Hiram nodded with a satisfied smile, and then started to speak in a hoarse, slurred whisper.

“Yeah, I’ve been quilling that sweet Jamaican grog fairly regular on this passage. You won’t believe what I seen down there in the hold last night. I thought I was all alone with them rats scurrying all around me. I had just put the quill through the gimlet hole in the head of the barrel when I heard some commotion in and around the crates. At first, I thought it was just the rats, but then I started hearing rustling noises, and some heavy breathing. I never been so frightened, I thought it might be a ghost or something. I started to run back through the dark, bumping my head on the stores hanging from the heavy timbers. I was dodging and weaving through the maze of crates. I almost made it to the ladder, but I tripped on a coil of rope. Then I seen this lantern light swinging toward me in the darkness. I couldn’t see nothing more than that light running at me like a horse coming at me full gallop. Then I heard a voice yell out, ‘Who’s there? Who’s there, damn ye!’”

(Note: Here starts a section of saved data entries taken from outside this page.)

(* Let $P\ge3$ be an integer and $\alpha=a/q$ with $q$ a positive integer and $\gcd(a,q)=1$. Let $k$ be a positive integer with $g=\gcd(k,q)\le4$. Then for every positive integer $Q$, every real number $\beta$ and every $\varepsilon$ with $0<\varepsilon\le1$, $$\sum_{x=0}^{Q-1}\min\Big(P,\frac{1}{2\|k\alpha x+\beta\|}\Big)\le\Big(1+\frac{gQ}{q}\Big)(P+q)\frac{2P^{\varepsilon}}{\varepsilon}.$$
   Context: For a real number $t$, $\|t\|=\min_{n\in\mathbb{Z}}|t-n|$ is the distance from $t$ to the nearest integer; when $\|t\|=0$ the minimum $\min(P,1/(2\|t\|))$ is taken to be $P$. *)

From Stdlib Require Import Reals ZArith Lra.
Open Scope R_scope.

Definition frac_part (t : R) : R := t - IZR (Int_part t).

(* ||t|| = min_{n in Z} |t - n| = min(frac t, 1 - frac t) *)
Definition dist_nint (t : R) : R := Rmin (frac_part t) (1 - frac_part t).

(* min(P, 1/(2||t||)), taken to be P when ||t|| = 0 *)
Definition minterm (P t : R) : R :=
  if Req_EM_T (dist_nint t) 0 then P else Rmin P (/ (2 * dist_nint t)).

(* Write k a / q = c / n in lowest terms, with n = q / gcd(k, q), and split
   n beta = b + theta with b an integer and 0 <= theta < 1.  Modulo 1 the point
   k alpha x + beta is then (r x + theta) / n with r x = (c x + b) mod n, and since c
   is prime to n the residues r x of n consecutive x run through 0, ..., n-1 once
   each.  With s = 1/(2P), min(P, 1/(2||t||)) <= 1/(t + s) + 1/(1 - t + s) for
   0 <= t < 1, so one block of n terms is bounded by two sums n * sum_y 1/(y + u)
   with u >= n s; comparing with log, each is at most 2P + n log(1 + 2P).  There
   are ceil(Q/n) <= 1 + g Q / q blocks, and log(1 + 2P) <= 1 + log P <= P^eps/eps. *)

From Pilot Require Import Defs.
From Stdlib Require Import Reals ZArith Lra Lia List Permutation Znumtheory.
Open Scope R_scope.

Definition lsum {A : Type} (f : A -> R) (l : list A) : R :=
  fold_right (fun x acc => f x + acc) 0 l.

Section ListSums.
Context {A : Type}.
Implicit Types (f g : A -> R) (l : list A).

Lemma lsum_app f l1 l2 : lsum f (l1 ++ l2) = lsum f l1 + lsum f l2.
Proof. induction l1 as [|x l1 IH]; simpl; [ring | rewrite IH; ring]. Qed.

Lemma lsum_plus f g l : lsum (fun x => f x + g x) l = lsum f l + lsum g l.
Proof. induction l as [|x l IH]; simpl; [ring | rewrite IH; ring]. Qed.

Lemma lsum_scal c f l : lsum (fun x => c * f x) l = c * lsum f l.
Proof. induction l as [|x l IH]; simpl; [ring | rewrite IH; ring]. Qed.

Lemma lsum_le f g l : (forall x, In x l -> f x <= g x) -> lsum f l <= lsum g l.
Proof.
  induction l as [|x l IH]; simpl; intros Hfg; [lra|].
  assert (f x <= g x) by auto. assert (lsum f l <= lsum g l) by auto. lra.
Qed.

Lemma lsum_nonneg f l : (forall x, In x l -> 0 <= f x) -> 0 <= lsum f l.
Proof.
  induction l as [|x l IH]; simpl; intros Hf; [lra|].
  assert (0 <= f x) by auto. assert (0 <= lsum f l) by auto. lra.
Qed.

Lemma lsum_perm f l1 l2 : Permutation l1 l2 -> lsum f l1 = lsum f l2.
Proof. induction 1; simpl; lra. Qed.

Lemma lsum_map {B : Type} f (h : B -> A) (l : list B) :
  lsum f (map h l) = lsum (fun x => f (h x)) l.
Proof. induction l as [|x l IH]; simpl; congruence. Qed.

End ListSums.

Lemma sum_f_R0_lsum (f : nat -> R) m : sum_f_R0 f m = lsum f (seq 0 (S m)).
Proof.
  induction m as [|m IH]; [simpl; ring|].
  rewrite tech5, IH, (seq_S (S m)), lsum_app. simpl. ring.
Qed.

“Who was it?” Morgan asked excitedly, wondering if there was a stowaway on board.

Hiram raised his eyebrows and leaned closer to Morgan to whisper in his ear, “It was Mr. Brown.”

Morgan drew back in surprise.

“I tripped and fell. Then that critter was on me. He bent down and put that light in my face, and asked if I’d been quilling rum. That’s when I recognized the mate. I could see his rotten teeth and smell his foul-smelling breath. I lied and told him Scuttles had sent me down there, but he wasn’t convinced. He asked me in a real threatening voice what I’d heard. ‘Tell me now, Smith, or I will beat it out of you.’ I told him I just heard rats and ran because I was scared. Mr. Brown looked like he was going to kill me right there.”

“Go on,” Morgan urged. He was now beginning to understand why the second mate was paying so much attention to Hiram.

“This is the worst part,” Hiram recounted with a worried frown. “Then I seen that new cabin boy named Dalrymple holding up a lantern. Why, he came out of the shadows and calls out all scared-like to Mr. Brown, and the mate, he whirled around and yells at him to get back on the foredeck. . . .” Hiram paused for a moment, and then spoke in almost a whisper, a twisted smile on his face. “I reckon the second mate, when he gets out at sea, he feels certain needs.”

It took several seconds for the reality of what Hiram was saying to register. Morgan had wondered why the second mate was always snuffing around the freight hold, and why he always wanted to know where Hiram was. Now he knew. Brown was afraid he would be discovered by Hiram in his secret lair. Jack Brown was just making sure that no one else was down there in the guts of the ship.

“Man alive! Then what happened?” Morgan asked in a more serious tone.

“Brown grabbed me by my shirt and shoved that lantern in my face and then said, ‘Whatever you heard, Smith, you better keep to yerself or you’ll find yerself climbing up Jacob’s ladder and not climbing down.’”

Morgan said nothing for a moment, and then turned to Hiram, shaking his head. He pulled the quid of tobacco he’d been chewing out of his mouth and handed it to his friend.